[Saved entries]
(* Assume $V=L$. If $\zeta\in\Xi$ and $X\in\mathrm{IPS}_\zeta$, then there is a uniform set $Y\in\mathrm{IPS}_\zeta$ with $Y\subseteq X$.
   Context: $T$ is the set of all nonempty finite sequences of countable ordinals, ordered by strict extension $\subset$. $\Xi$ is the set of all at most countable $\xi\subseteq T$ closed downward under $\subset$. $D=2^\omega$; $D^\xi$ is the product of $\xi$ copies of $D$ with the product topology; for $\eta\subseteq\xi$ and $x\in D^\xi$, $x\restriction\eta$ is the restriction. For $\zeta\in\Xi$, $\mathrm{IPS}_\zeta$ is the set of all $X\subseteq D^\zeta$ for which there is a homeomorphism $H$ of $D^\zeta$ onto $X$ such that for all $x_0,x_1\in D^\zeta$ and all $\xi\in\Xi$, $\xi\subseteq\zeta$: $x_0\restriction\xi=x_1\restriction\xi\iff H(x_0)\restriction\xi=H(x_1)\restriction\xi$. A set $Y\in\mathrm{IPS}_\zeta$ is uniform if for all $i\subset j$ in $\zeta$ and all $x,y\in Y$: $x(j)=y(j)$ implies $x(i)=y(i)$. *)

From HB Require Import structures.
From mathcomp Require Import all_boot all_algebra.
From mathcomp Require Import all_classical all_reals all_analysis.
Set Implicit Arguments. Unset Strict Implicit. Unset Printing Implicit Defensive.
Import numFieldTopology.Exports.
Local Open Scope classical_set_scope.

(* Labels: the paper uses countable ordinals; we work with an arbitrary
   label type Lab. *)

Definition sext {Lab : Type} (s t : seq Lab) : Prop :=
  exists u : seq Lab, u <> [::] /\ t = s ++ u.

* * *

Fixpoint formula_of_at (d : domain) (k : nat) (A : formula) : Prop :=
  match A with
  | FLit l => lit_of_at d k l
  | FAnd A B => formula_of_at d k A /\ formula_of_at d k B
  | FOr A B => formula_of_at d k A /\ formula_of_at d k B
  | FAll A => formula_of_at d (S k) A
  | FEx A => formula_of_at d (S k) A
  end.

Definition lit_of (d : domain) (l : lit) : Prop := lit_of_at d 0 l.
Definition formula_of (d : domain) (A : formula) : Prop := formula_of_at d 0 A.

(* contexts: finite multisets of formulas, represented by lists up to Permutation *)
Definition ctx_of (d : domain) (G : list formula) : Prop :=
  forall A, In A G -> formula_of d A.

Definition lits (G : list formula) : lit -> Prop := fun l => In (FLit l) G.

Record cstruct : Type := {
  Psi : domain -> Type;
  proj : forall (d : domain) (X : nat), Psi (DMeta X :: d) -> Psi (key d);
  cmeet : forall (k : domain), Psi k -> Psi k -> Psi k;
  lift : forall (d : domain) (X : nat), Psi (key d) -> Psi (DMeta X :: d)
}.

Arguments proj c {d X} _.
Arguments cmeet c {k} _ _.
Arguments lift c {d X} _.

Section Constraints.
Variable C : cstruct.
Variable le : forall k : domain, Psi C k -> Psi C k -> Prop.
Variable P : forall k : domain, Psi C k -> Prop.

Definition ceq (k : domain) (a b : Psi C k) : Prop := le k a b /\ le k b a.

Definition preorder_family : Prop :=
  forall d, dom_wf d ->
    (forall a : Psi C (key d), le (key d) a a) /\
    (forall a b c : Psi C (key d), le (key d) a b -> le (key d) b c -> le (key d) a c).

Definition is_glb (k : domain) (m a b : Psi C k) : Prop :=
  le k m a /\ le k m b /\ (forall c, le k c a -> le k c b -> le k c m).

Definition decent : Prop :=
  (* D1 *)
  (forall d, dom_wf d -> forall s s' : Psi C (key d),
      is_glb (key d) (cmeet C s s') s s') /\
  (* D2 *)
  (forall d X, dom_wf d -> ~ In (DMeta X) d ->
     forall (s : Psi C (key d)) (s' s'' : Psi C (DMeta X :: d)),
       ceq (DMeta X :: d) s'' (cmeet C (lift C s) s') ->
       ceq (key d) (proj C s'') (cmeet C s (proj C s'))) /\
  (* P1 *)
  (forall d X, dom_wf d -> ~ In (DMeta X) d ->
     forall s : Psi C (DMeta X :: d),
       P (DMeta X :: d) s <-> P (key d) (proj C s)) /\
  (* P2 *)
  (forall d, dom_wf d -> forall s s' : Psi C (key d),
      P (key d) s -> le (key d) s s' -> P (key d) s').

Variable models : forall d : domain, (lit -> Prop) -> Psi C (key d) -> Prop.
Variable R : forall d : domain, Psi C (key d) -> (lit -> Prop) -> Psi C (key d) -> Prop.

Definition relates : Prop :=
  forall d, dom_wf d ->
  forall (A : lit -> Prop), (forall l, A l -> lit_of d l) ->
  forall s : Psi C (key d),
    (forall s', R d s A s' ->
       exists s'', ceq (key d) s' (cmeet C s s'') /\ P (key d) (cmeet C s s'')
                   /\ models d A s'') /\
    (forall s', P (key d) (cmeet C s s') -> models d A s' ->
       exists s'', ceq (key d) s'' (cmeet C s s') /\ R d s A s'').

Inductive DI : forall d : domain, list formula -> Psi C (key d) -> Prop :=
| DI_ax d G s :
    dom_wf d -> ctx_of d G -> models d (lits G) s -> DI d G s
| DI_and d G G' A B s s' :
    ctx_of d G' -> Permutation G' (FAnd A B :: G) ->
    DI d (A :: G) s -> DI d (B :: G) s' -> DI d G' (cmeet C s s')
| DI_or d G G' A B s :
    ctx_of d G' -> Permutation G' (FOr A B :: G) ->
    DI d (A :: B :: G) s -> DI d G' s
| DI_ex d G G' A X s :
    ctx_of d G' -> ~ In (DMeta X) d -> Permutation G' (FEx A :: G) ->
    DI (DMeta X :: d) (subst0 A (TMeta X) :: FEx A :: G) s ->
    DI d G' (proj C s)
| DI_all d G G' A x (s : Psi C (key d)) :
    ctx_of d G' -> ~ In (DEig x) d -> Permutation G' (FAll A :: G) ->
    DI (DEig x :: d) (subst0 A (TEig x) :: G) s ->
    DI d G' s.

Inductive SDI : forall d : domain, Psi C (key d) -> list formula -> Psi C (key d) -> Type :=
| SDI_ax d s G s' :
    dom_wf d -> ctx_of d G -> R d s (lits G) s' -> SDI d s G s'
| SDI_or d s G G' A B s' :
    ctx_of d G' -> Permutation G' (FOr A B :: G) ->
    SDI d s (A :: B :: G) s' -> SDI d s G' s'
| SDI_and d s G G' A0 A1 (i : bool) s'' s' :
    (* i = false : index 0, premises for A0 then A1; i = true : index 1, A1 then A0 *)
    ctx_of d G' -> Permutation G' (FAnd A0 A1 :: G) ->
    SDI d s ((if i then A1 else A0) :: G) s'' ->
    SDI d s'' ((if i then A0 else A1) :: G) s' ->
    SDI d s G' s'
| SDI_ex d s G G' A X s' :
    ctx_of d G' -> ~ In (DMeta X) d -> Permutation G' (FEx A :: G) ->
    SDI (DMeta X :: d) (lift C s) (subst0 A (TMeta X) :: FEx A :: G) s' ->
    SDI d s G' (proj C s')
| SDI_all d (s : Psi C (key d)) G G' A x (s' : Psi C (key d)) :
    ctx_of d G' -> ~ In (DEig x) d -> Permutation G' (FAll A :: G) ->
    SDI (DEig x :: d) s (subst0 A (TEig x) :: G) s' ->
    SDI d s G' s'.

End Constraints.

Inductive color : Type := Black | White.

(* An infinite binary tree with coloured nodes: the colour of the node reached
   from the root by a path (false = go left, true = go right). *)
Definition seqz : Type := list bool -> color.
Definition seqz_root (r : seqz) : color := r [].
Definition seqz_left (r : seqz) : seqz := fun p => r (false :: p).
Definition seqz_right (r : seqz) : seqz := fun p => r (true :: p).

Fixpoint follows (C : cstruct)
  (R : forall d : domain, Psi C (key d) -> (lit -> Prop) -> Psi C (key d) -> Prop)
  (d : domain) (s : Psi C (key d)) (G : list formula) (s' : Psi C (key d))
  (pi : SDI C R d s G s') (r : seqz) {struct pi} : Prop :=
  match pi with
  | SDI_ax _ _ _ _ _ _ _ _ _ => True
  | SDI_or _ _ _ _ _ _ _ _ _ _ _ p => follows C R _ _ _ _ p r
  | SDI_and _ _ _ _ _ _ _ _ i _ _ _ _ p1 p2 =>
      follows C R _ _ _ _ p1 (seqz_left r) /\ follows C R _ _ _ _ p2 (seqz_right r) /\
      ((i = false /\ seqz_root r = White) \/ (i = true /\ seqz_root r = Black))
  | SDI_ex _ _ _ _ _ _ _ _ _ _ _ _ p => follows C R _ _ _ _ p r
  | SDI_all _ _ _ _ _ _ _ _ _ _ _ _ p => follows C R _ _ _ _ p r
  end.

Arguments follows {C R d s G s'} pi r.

:: Exercise aim ::
Looking at the data above, return every line from the one with "forall s : Psi C (DMeta" down to the one with "dom_wf d -> ctx_of d G -> R", exactly and inclusively.

:: Exercise response ::
     forall s : Psi C (DMeta X :: d),
       P (DMeta X :: d) s <-> P (key d) (proj C s)) /\
  (* P2 *)
  (forall d, dom_wf d -> forall s s' : Psi C (key d),
      P (key d) s -> le (key d) s s' -> P (key d) s').

Variable models : forall d : domain, (lit -> Prop) -> Psi C (key d) -> Prop.
Variable R : forall d : domain, Psi C (key d) -> (lit -> Prop) -> Psi C (key d) -> Prop.

Definition relates : Prop :=
  forall d, dom_wf d ->
  forall (A : lit -> Prop), (forall l, A l -> lit_of d l) ->
  forall s : Psi C (key d),
    (forall s', R d s A s' ->
       exists s'', ceq (key d) s' (cmeet C s s'') /\ P (key d) (cmeet C s s'')
                   /\ models d A s'') /\
    (forall s', P (key d) (cmeet C s s') -> models d A s' ->
       exists s'', ceq (key d) s'' (cmeet C s s') /\ R d s A s'').

Inductive DI : forall d : domain, list formula -> Psi C (key d) -> Prop :=
| DI_ax d G s :
    dom_wf d -> ctx_of d G -> models d (lits G) s -> DI d G s
| DI_and d G G' A B s s' :
    ctx_of d G' -> Permutation G' (FAnd A B :: G) ->
    DI d (A :: G) s -> DI d (B :: G) s' -> DI d G' (cmeet C s s')
| DI_or d G G' A B s :
    ctx_of d G' -> Permutation G' (FOr A B :: G) ->
    DI d (A :: B :: G) s -> DI d G' s
| DI_ex d G G' A X s :
    ctx_of d G' -> ~ In (DMeta X) d -> Permutation G' (FEx A :: G) ->
    DI (DMeta X :: d) (subst0 A (TMeta X) :: FEx A :: G) s ->
    DI d G' (proj C s)
| DI_all d G G' A x (s : Psi C (key d)) :
    ctx_of d G' -> ~ In (DEig x) d -> Permutation G' (FAll A :: G) ->
    DI (DEig x :: d) (subst0 A (TEig x) :: G) s ->
    DI d G' s.

Inductive SDI : forall d : domain, Psi C (key d) -> list formula -> Psi C (key d) -> Type :=
| SDI_ax d s G s' :
    dom_wf d -> ctx_of d G -> R d s (lits G) s' -> SDI d s G s'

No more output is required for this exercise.